* Directions for this task: Go through the listing below and output exactly the line with "From HB Require Import structures.", the line with "Local Open Scope ring_scope.", and each line between; omit the rest.

* Records supplied:
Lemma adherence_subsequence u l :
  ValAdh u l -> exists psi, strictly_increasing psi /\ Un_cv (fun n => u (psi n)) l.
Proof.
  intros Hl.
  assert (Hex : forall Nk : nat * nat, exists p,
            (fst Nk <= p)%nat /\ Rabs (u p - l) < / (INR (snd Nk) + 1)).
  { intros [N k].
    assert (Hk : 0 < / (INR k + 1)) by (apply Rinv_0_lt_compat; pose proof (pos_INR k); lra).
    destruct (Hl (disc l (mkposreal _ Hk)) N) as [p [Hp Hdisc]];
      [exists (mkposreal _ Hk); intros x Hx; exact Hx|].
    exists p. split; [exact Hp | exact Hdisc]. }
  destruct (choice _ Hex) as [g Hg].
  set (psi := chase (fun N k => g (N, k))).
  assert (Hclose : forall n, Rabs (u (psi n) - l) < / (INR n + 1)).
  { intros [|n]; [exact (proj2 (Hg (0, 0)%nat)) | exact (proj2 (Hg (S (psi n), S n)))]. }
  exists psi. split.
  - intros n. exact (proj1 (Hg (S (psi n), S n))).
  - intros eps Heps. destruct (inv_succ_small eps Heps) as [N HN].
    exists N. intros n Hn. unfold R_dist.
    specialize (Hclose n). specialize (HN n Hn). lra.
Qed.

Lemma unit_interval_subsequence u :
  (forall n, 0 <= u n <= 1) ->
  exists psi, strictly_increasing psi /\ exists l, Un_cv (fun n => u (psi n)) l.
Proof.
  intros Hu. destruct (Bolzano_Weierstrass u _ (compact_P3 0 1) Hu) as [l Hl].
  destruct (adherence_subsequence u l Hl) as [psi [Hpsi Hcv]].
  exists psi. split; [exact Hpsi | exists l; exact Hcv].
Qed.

==

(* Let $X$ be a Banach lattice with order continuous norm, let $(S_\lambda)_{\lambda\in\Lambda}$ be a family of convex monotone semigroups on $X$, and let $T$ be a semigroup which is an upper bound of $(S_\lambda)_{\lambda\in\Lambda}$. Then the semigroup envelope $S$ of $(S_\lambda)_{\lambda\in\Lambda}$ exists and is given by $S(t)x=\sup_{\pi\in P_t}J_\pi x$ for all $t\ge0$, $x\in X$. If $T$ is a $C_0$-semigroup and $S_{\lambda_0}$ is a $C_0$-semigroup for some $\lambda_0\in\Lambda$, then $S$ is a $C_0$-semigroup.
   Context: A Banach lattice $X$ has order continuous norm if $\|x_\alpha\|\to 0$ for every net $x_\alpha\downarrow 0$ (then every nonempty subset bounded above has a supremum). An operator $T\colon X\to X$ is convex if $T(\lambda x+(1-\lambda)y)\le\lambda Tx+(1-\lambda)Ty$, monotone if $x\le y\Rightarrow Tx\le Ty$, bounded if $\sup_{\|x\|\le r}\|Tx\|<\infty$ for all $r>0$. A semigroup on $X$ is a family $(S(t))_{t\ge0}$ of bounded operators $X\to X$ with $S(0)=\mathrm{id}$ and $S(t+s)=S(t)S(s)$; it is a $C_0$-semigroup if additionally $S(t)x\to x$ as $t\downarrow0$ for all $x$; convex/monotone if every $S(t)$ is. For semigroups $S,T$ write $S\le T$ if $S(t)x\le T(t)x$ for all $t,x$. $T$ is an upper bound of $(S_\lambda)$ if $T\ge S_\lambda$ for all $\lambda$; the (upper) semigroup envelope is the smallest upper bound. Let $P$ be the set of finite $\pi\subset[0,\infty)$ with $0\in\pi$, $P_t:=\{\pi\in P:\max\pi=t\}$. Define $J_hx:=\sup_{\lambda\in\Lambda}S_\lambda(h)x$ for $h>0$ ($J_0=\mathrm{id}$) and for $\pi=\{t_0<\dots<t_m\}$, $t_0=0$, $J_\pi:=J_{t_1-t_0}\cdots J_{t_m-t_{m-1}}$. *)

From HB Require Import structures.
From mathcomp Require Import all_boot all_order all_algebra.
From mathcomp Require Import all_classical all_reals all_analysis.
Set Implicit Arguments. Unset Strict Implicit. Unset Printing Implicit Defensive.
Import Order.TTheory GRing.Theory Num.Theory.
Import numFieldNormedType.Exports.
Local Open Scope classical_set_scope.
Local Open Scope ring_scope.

---

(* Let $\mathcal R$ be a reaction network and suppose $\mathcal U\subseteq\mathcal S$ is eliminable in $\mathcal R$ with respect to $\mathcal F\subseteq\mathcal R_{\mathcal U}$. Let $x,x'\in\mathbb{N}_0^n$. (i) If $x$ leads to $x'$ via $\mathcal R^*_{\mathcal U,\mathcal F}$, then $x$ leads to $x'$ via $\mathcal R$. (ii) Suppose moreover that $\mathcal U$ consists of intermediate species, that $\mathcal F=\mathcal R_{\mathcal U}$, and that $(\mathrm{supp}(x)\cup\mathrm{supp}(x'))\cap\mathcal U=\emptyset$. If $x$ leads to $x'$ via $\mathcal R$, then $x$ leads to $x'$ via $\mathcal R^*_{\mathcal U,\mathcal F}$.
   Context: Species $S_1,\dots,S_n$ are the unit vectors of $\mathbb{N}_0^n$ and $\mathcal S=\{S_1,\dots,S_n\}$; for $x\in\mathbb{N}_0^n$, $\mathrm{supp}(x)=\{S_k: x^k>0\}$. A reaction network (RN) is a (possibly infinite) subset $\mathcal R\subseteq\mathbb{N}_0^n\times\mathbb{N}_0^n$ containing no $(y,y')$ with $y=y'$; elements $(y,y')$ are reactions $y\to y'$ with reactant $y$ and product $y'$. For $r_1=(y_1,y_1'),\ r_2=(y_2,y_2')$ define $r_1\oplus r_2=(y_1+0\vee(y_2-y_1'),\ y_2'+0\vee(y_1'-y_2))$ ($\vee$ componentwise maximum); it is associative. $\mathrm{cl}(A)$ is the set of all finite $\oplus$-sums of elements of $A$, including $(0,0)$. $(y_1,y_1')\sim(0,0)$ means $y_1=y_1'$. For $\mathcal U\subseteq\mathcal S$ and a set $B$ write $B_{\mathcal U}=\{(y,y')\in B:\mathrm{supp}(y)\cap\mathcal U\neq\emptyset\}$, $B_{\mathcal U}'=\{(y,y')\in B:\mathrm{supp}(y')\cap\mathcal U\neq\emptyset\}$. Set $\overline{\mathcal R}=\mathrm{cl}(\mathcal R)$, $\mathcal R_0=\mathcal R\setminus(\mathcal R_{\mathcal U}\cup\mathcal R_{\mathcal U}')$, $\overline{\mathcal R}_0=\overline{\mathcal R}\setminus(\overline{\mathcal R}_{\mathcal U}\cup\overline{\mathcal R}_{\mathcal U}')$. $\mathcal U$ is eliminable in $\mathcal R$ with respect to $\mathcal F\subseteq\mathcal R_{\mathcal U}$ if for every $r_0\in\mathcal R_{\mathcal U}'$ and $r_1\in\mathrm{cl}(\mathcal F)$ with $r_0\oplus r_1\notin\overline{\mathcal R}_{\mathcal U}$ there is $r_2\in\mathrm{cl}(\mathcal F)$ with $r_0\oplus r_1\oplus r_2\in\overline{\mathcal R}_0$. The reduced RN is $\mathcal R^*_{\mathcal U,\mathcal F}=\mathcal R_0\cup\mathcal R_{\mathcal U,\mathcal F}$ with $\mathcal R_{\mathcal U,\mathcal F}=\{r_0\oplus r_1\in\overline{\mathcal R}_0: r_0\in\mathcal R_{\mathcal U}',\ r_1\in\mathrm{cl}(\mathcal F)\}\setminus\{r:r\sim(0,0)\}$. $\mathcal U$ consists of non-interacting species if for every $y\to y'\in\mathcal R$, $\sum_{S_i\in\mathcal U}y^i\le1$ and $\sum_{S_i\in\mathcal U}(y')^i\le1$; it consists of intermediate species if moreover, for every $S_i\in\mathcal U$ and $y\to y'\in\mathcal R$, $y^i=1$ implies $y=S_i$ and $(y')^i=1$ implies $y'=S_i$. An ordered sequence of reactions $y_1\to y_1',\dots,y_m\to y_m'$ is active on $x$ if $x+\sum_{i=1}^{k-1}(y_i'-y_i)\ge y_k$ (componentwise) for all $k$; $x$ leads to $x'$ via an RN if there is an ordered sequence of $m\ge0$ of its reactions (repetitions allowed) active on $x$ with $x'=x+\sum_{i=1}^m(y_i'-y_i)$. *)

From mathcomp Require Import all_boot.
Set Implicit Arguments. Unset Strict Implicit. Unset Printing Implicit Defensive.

* Answer space:
From HB Require Import structures.
From mathcomp Require Import all_boot all_order all_algebra.
From mathcomp Require Import all_classical all_reals all_analysis.
Set Implicit Arguments. Unset Strict Implicit. Unset Printing Implicit Defensive.
Import Order.TTheory GRing.Theory Num.Theory.
Import numFieldNormedType.Exports.
Local Open Scope classical_set_scope.
Local Open Scope ring_scope.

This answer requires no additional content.